> [Task instructions] Please restate, word for word, the lines below that begin at the one with "(* Endomorphisms of" and end at the one with "(q * z^-1 - q^-1". Leave out all other lines.

> [Data records]
━━━━━━
(* Let $N\ge1$, $q,p,r,s\in\mathbb{C}\setminus\{0\}$ with $q^2\ne1$, $r^2\neq1$. Then $K(\lambda):=K^{\mathrm{tr}}(\lambda,r,s)$ is a solution of the reflection equation for $R(\lambda):=R^{\mathrm{tr}}(\lambda,q,p)$: $$R_{12}(\lambda-\mu)K_1(\lambda)R_{21}(\lambda+\mu)K_2(\mu)=K_2(\mu)R_{12}(\lambda+\mu)K_1(\lambda)R_{21}(\lambda-\mu)$$ for all $\lambda,\mu\in\mathbb{C}$ at which all entries are defined.
   Context: $V=\mathbb{C}^N$ with basis $e_0,\dots,e_{N-1}$; for $A\in\mathrm{End}(V)$, $Ae_j=\sum_k e_k[A]_j^k$; for $R\in\mathrm{End}(V\otimes V)$, $R(e_i\otimes e_j)=\sum_{k,l}[R]_{ij}^{kl}e_k\otimes e_l$. $P$ is the flip, $R_{12}=R$, $R_{21}=PRP$, $K_1=K\otimes I$, $K_2=I\otimes K$. Cremmer–Gervais $R$-matrix with $z=e^{\pi i\lambda}$: $[R^{\mathrm{tr}}(\lambda,q,p)]_{ij}^{kl}=p^{2(j-k)}\times$ - $\frac{qz^{-1}-q^{-1}z}{(q-q^{-1})(z-z^{-1})}$ if $i=j=k=l$; - $-\frac{q^{\mathrm{sgn}(i-j)}}{q-q^{-1}}$ if $i=k\neq j=l$; - $\frac{z^{\mathrm{sgn}(j-i)}}{z-z^{-1}}$ if $l=i\ne k=j$; - $\mathrm{sgn}(j-i)$ if $\min(i,j)<k<\max(i,j)$ and $i+j=k+l$; - $0$ otherwise. $K$-matrix with $z=e^{\pi i\lambda}$: $[K^{\mathrm{tr}}(\lambda,r,s)]_j^k=s^{j-k}c_{jk}$ where $c_{jk}=\frac{r^{-1}z^{-2}-rz^2}{(r-r^{-1})(z^2-z^{-2})}$ if $j=k=(N-1)/2$; $c_{jk}=-\frac{z^{2\,\mathrm{sgn}(2j-N+1)}}{z^2-z^{-2}}$ if $j=k\ne(N-1)/2$; $c_{jk}=-\frac{r^{\mathrm{sgn}(2j-N+1)}}{r-r^{-1}}$ if $k=N-1-j\neq j$; $c_{jk}=\mathrm{sgn}(N-1-2j)$ if $\min(j,N-1-j)<k<\max(j,N-1-j)$; $c_{jk}=0$ otherwise. *)

From HB Require Import structures.
From mathcomp Require Import all_boot all_order all_algebra.
Set Implicit Arguments. Unset Strict Implicit. Unset Printing Implicit Defensive.
Import Order.TTheory GRing.Theory Num.Theory.
Local Open Scope ring_scope.

(* Endomorphisms of V = C^N are encoded by their entries:
   A : endo1 with A j k = [A]_j^k  (A e_j = sum_k e_k [A]_j^k).
   Endomorphisms of V (x) V: T : endo2 with T i j k l = [T]_{ij}^{kl}
   (T (e_i (x) e_j) = sum_{k,l} [T]_{ij}^{kl} e_k (x) e_l). *)
Definition endo1 (C : Type) (N : nat) := 'I_N -> 'I_N -> C.
Definition endo2 (C : Type) (N : nat) := 'I_N -> 'I_N -> 'I_N -> 'I_N -> C.

Definition comp2 (C : fieldType) (N : nat) (A B : endo2 C N) : endo2 C N :=
  fun i j m n => \sum_(k < N) \sum_(l < N) B i j k l * A k l m n.

Definition flip2 (C : fieldType) (N : nat) : endo2 C N :=
  fun i j k l => ((k == j) && (l == i))%:R.

Definition op21 (C : fieldType) (N : nat) (R : endo2 C N) : endo2 C N :=
  comp2 (@flip2 C N) (comp2 R (@flip2 C N)).

Definition K1 (C : fieldType) (N : nat) (K : endo1 C N) : endo2 C N :=
  fun i j k l => K i k * (l == j)%:R.
Definition K2 (C : fieldType) (N : nat) (K : endo1 C N) : endo2 C N :=
  fun i j k l => (k == i)%:R * K j l.

Definition sgnC (C : fieldType) (x : int) : C := (sgz x)%:~R.

(* Cremmer-Gervais R-matrix R^tr(lambda,q,p), expressed through z = e^{pi i lambda} *)
Definition Rtr (C : fieldType) (N : nat) (z q p : C) : endo2 C N :=
  fun i j k l =>
    let I := (i : nat)%:Z in let J := (j : nat)%:Z in
    let Kk := (k : nat)%:Z in let L := (l : nat)%:Z in
    (p ^ ((J - Kk) * 2)) *
    (if [&& i == j, j == k & k == l] then
       (q * z^-1 - q^-1 * z) / ((q - q^-1) * (z - z^-1))
     else if [&& i == k, j == l & i != j] then
       - (q ^ (sgz (I - J))) / (q - q^-1)
     else if [&& l == i, k == j & i != k] then
       (z ^ (sgz (J - I))) / (z - z^-1)
     else if (Num.min I J < Kk < Num.max I J) && (I + J == Kk + L) then
       sgnC C (J - I)
     else 0).

(* K-matrix K^tr(lambda,r,s), expressed through z = e^{pi i lambda} *)
Definition Ktr (C : fieldType) (N : nat) (z r s : C) : endo1 C N :=
  fun j k =>
    let J := (j : nat)%:Z in let Kk := (k : nat)%:Z in
    let M := (N%:Z - 1 - J) in
    let sg := sgz (J * 2 - N%:Z + 1) in
    (s ^ (J - Kk)) *
    (if (j == k :> nat) && (J * 2 == N%:Z - 1) then
       (r^-1 * z^-2 - r * z ^+ 2) / ((r - r^-1) * (z ^+ 2 - z^-2))
     else if (j == k :> nat) && (J * 2 != N%:Z - 1) then
       - ((z ^+ 2) ^ sg) / (z ^+ 2 - z^-2)
     else if (Kk == M) && (Kk != J) then
       - (r ^ sg) / (r - r^-1)
     else if Num.min J M < Kk < Num.max J M then
       sgnC C (N%:Z - 1 - J * 2)
     else 0).

(* The parameters p and s only twist the equation: since R conserves the weight
   i + j = k + l, every nonzero term on either side of the reflection equation
   carries the same factor p^(2(i-k)) s^(i+j-k-l), so we may take p = s = 1.
   Identify u in V (x) V with the polynomial sum_ij u_ij x^i y^j.  Summing the
   geometric series along the anti-diagonals of R and the anti-diagonal band of
   K, R(z) acts on these polynomials as the divided-difference operator
     f |-> (a + x/(y-x)) f(x,y) + (b - y/(y-x)) f(y,x),  a = 1/(1-q^2), b = z^2/(z^2-1),
   and K(z) on the first factor as
     f |-> (c + x/(1-x)) f(x,y) + (d - 1/(1-x)) x^(N-1) f(1/x,y),  c = 1/(1-z^4), d = 1/(1-r^2).
   The reflection equation for these operators is an identity of rational
   functions in the values of f on the orbit of (x,y) under swapping and
   inverting the variables; since a polynomial is determined by its values at
   generic points, it yields the matrix identity. *)

From HB Require Import structures.
From mathcomp Require Import all_boot all_order all_algebra.
From mathcomp Require Import zify ring.
Import Order.TTheory GRing.Theory Num.Theory.
Set Implicit Arguments. Unset Strict Implicit. Unset Printing Implicit Defensive.
Local Open Scope ring_scope.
━━━━━━
> [Your response]
(* Endomorphisms of V = C^N are encoded by their entries:
   A : endo1 with A j k = [A]_j^k  (A e_j = sum_k e_k [A]_j^k).
   Endomorphisms of V (x) V: T : endo2 with T i j k l = [T]_{ij}^{kl}
   (T (e_i (x) e_j) = sum_{k,l} [T]_{ij}^{kl} e_k (x) e_l). *)
Definition endo1 (C : Type) (N : nat) := 'I_N -> 'I_N -> C.
Definition endo2 (C : Type) (N : nat) := 'I_N -> 'I_N -> 'I_N -> 'I_N -> C.

Definition comp2 (C : fieldType) (N : nat) (A B : endo2 C N) : endo2 C N :=
  fun i j m n => \sum_(k < N) \sum_(l < N) B i j k l * A k l m n.

Definition flip2 (C : fieldType) (N : nat) : endo2 C N :=
  fun i j k l => ((k == j) && (l == i))%:R.

Definition op21 (C : fieldType) (N : nat) (R : endo2 C N) : endo2 C N :=
  comp2 (@flip2 C N) (comp2 R (@flip2 C N)).

Definition K1 (C : fieldType) (N : nat) (K : endo1 C N) : endo2 C N :=
  fun i j k l => K i k * (l == j)%:R.
Definition K2 (C : fieldType) (N : nat) (K : endo1 C N) : endo2 C N :=
  fun i j k l => (k == i)%:R * K j l.

Definition sgnC (C : fieldType) (x : int) : C := (sgz x)%:~R.

(* Cremmer-Gervais R-matrix R^tr(lambda,q,p), expressed through z = e^{pi i lambda} *)
Definition Rtr (C : fieldType) (N : nat) (z q p : C) : endo2 C N :=
  fun i j k l =>
    let I := (i : nat)%:Z in let J := (j : nat)%:Z in
    let Kk := (k : nat)%:Z in let L := (l : nat)%:Z in
    (p ^ ((J - Kk) * 2)) *
    (if [&& i == j, j == k & k == l] then
       (q * z^-1 - q^-1 * z) / ((q - q^-1) * (z - z^-1))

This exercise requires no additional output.